Implementing ES index creation and search in parallel on the same node

(Bhargavi Sri) #1

Hi guys. I really am trying to understand Elasticsearch. The code that I have written creates 35 parallel python scripts that all try to create indices on ES cluster simultaneously. But this is happening in serial and I am unable to implement parallelism to make my code run faster.

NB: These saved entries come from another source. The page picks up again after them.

(* Let $\Gamma$ be a gain operator on $\ell^\infty_+(\mathcal I)$ satisfying Assumption A, and suppose that for some $\rho\in\mathcal K_\infty$: (i) the set $\Psi(\Gamma_\rho)$ is cofinal; (ii) $\Gamma_\rho$ satisfies the uniform NJI condition; (iii) there is $M>0$ with $|\mathcal I_i|\le M$ for all $i\in\mathcal I$. Then there exists $\rho'\in\mathcal K_\infty$ such that $\Sigma(\hat\Gamma_{\rho'})$ is UGS and $\Sigma(\Gamma_{\rho'})$ is UGAS, where $\hat\Gamma_{\rho'}(s):=s\oplus\Gamma_{\rho'}(s)$.
   Context: Let $\mathcal I$ be a nonempty countable index set; $\ell^\infty_+(\mathcal I)$ is the cone of nonnegative real families $s=(s_i)_{i\in\mathcal I}$ with $\|s\|:=\sup_i|s_i|<\infty$, ordered componentwise; $\oplus$ is the componentwise maximum. $\mathcal K$: continuous strictly increasing $\gamma:\mathbb R_+\to\mathbb R_+$ with $\gamma(0)=0$; $\mathcal K_\infty$: unbounded elements of $\mathcal K$, acting on $\ell^\infty_+(\mathcal I)$ componentwise; $\mathcal L$: continuous strictly decreasing functions $\mathbb R_+\to\mathbb R_+$ tending to $0$; $\mathcal{KL}$: continuous $\beta$ with $\beta(\cdot,t)\in\mathcal K$ and $\beta(r,\cdot)\in\mathcal L$ for $r>0$. For $\mathcal J\subset\mathcal I$, $s_{|\mathcal J}$ agrees with $s$ on $\mathcal J$ and is $0$ elsewhere. Gain operator: for each $i$ a finite (possibly empty) $\mathcal I_i\subset\mathcal I\setminus\{i\}$; directed graph $\mathcal G$ with vertices $\mathcal I$ and edges $ji$, $j\in\mathcal I_i$; a pointwise equicontinuous family $\gamma_{ij}\in\mathcal K_\infty$ ($ji\in E(\mathcal G)$); functions $\mu_i:\ell^\infty_+(\mathcal I)\to[0,\infty]$ with (M1) some $\xi\in\mathcal K_\infty$ has $\mu_i(0)=0$, $\mu_i(s)\ge\xi(\|s\|)$; (M2) $\mu_i$ monotone; (M3) for each finite $\mathcal J$, $\mu_i$ restricted to vectors vanishing off $\mathcal J$ is finite-valued and continuous; (M4) for each norm-bounded $A$ and $\varepsilon>0$ there is $\delta>0$ with $\sup_i|\mu_i(s_{|\mathcal I_i})-\mu_i(s^0_{|\mathcal I_i})|\le\varepsilon$ whenever $s^0\in A$, $\|s-s^0\|\le\delta$. $\Gamma_i(s):=\mu_i([\gamma_{ij}(s_j)]_{j\in\mathcal I_i})$ (argument zero outside $\mathcal I_i$). $\Gamma_\rho:=(\mathrm{id}+\rho)\circ\Gamma$. Assumption A: there is $\eta\in\mathcal K_\infty$ with $\gamma_{ij}\ge\eta$ for all $ji\in E(\mathcal G)$, and $\mathcal I_i\ne\emptyset$ for all $i$. $\mathcal N^-_i(n)$: vertices $j$ with a directed path from $j$ to $i$ of length at most $n$ ($\mathcal N^-_i(0)=\{i\}$). For monotone $T$ with $T(0)=0$: $\Psi(T):=\{s:T(s)\le s\}$; $\Sigma(T)$ is the system $s^{n+1}=T(s^n)$; UGS: $\|T^n(s)\|\le\varphi(\|s\|)$ for some $\varphi\in\mathcal K_\infty$ and all $s,n$; UGAS: $\|T^n(s)\|\le\beta(\|s\|,n)$ for some $\beta\in\mathcal{KL}$. A set $A$ is cofinal if every $s$ has $\hat s\in A$ with $s\le\hat s$. $T$ satisfies the uniform NJI condition if for all $r,\varepsilon>0$ there are $n\in\mathbb N$, $\delta>0$ such that for all $s$, $i$ with $s_i\ge\varepsilon$, $\|s\|\le r$ there is $j\in\mathcal N^-_i(n)$ with $s_j\ge\delta$ and $T_j(s)<s_j$. *)

From Stdlib Require Import Reals List ClassicalEpsilon.
From Coquelicot Require Import Coquelicot.
Open Scope R_scope.

Section Defs.
Variable I : Type.

Definition vec := I -> R.

Definition lp (s : vec) : Prop :=
  (forall i, 0 <= s i) /\ exists B, forall i, Rabs (s i) <= B.

(* sup-norm, valued in extended reals (finite exactly on bounded vectors) *)
Definition nrm (s : vec) : Rbar := Lub_Rbar (fun x => exists i, x = Rabs (s i)).

Definition vle (s t : vec) : Prop := forall i, s i <= t i.

Definition vzero : vec := fun _ => 0.

Definition restr (P : I -> Prop) (s : vec) : vec :=
  fun j => if excluded_middle_informative (P j) then s j else 0.

Definition vmax (s t : vec) : vec := fun i => Rmax (s i) (t i).
End Defs.

Arguments lp {I}. Arguments nrm {I}. Arguments vle {I}. Arguments vzero {I}.
Arguments restr {I}. Arguments vmax {I}.

Definition cont_Rp (g : R -> R) : Prop :=
  forall x, 0 <= x -> forall eps, 0 < eps -> exists del, 0 < del /\
    forall y, 0 <= y -> Rabs (y - x) < del -> Rabs (g y - g x) < eps.

Definition classK (g : R -> R) : Prop :=
  cont_Rp g /\ g 0 = 0 /\ (forall x, 0 <= x -> 0 <= g x) /\
  (forall x y, 0 <= x -> x < y -> g x < g y).

Definition classKinf (g : R -> R) : Prop :=
  classK g /\ forall M, exists x, 0 <= x /\ M < g x.

Definition classL (f : R -> R) : Prop :=
  cont_Rp f /\ (forall x, 0 <= x -> 0 <= f x) /\
  (forall x y, 0 <= x -> x < y -> f y < f x) /\
  (forall eps, 0 < eps -> exists T, forall t, T <= t -> f t < eps).

Definition classKL (b : R -> R -> R) : Prop :=
  (forall r t, 0 <= r -> 0 <= t -> forall eps, 0 < eps -> exists del, 0 < del /\
     forall r' t', 0 <= r' -> 0 <= t' -> Rabs (r' - r) < del -> Rabs (t' - t) < del ->
       Rabs (b r' t' - b r t) < eps) /\
  (forall t, 0 <= t -> classK (fun r => b r t)) /\
  (forall r, 0 < r -> classL (fun t => b r t)).

(* Gain operator data: neighbour lists Ii (finite, duplicate-free, i not in Ii i),
   gains gam i j = gamma_ij, aggregation functions mu i : vec -> [0,oo] *)
Definition is_gain_data {I : Type} (Ii : I -> list I) (gam : I -> I -> R -> R)
    (mu : I -> vec I -> Rbar) : Prop :=
  (forall i, NoDup (Ii i) /\ ~ In i (Ii i)) /\
  (forall i j, In j (Ii i) -> classKinf (gam i j)) /\
  (forall r, 0 <= r -> forall eps, 0 < eps -> exists del, 0 < del /\
     forall i j, In j (Ii i) -> forall r', 0 <= r' -> Rabs (r' - r) < del ->
       Rabs (gam i j r' - gam i j r) < eps) /\
  (forall i s, lp s -> Rbar_le (Finite 0) (mu i s)) /\
  (exists xi, classKinf xi /\ forall i, mu i vzero = Finite 0 /\
     forall s, lp s -> Rbar_le (Finite (xi (real (nrm s)))) (mu i s)) /\
  (forall i s t, lp s -> lp t -> vle s t -> Rbar_le (mu i s) (mu i t)) /\
  (forall i (J : list I),
     (forall s, lp s -> (forall j, ~ In j J -> s j = 0) -> is_finite (mu i s)) /\
     (forall s, lp s -> (forall j, ~ In j J -> s j = 0) ->
        forall eps, 0 < eps -> exists del, 0 < del /\
        forall t, lp t -> (forall j, ~ In j J -> t j = 0) ->
          Rbar_le (nrm (fun j => t j - s j)) (Finite del) ->
          Rabs (real (mu i t) - real (mu i s)) < eps)) /\
  (forall A : vec I -> Prop, (exists r, forall s, A s -> lp s /\ Rbar_le (nrm s) (Finite r)) ->
     forall eps, 0 < eps -> exists del, 0 < del /\
     forall s0 s, A s0 -> lp s -> Rbar_le (nrm (fun j => s j - s0 j)) (Finite del) ->
       forall i, Rabs (real (mu i (restr (fun j => In j (Ii i)) s))
                       - real (mu i (restr (fun j => In j (Ii i)) s0))) <= eps).

Definition Gam {I : Type} (Ii : I -> list I) (gam : I -> I -> R -> R)
    (mu : I -> vec I -> Rbar) (s : vec I) : vec I :=
  fun i => real (mu i (restr (fun j => In j (Ii i)) (fun j => gam i j (s j)))).

Definition Gam_rho {I : Type} (Ii : I -> list I) (gam : I -> I -> R -> R)
    (mu : I -> vec I -> Rbar) (rho : R -> R) (s : vec I) : vec I :=
  fun i => Gam Ii gam mu s i + rho (Gam Ii gam mu s i).

Definition Gam_hat {I : Type} (Ii : I -> list I) (gam : I -> I -> R -> R)
    (mu : I -> vec I -> Rbar) (rho : R -> R) (s : vec I) : vec I :=
  vmax s (Gam_rho Ii gam mu rho s).

Definition assumptionA {I : Type} (Ii : I -> list I) (gam : I -> I -> R -> R) : Prop :=
  (exists eta, classKinf eta /\
     forall i j, In j (Ii i) -> forall r, 0 <= r -> eta r <= gam i j r) /\
  (forall i, Ii i <> nil).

Is this because ES does not allow multiple scripts to index at once?

(Christian Dahlqvist) #2

Indexing can be done in parallel by multiple threads, but creating indices have to update the cluster state and therefore need to be serialised through the master node.

(Bhargavi Sri) #3

But in my code I have the creation of index and searching linked together. So is there nothing I can do in this case?

(Christian Dahlqvist) #4

Creating indices is usually not done very frequently, so the fact that the cluster state need to be updated is generally not a problem. What exactly is it you are trying to achieve?

(Bhargavi Sri) #5

I do not have the need to store the data on the node. So I am creating indices of size 10k, performing the search on them and then deleting it before I create another index. Since match query is not able to give me all the results of the search query, I am creating the index on 10k records and retrieving all the results before I move on to create another index.

For example, if the data size is 20k, I am creating 2 indices through a for-loop. Deleting the first one after the search is done

(system) #6

This topic was automatically closed 28 days after the last reply. New replies are no longer allowed.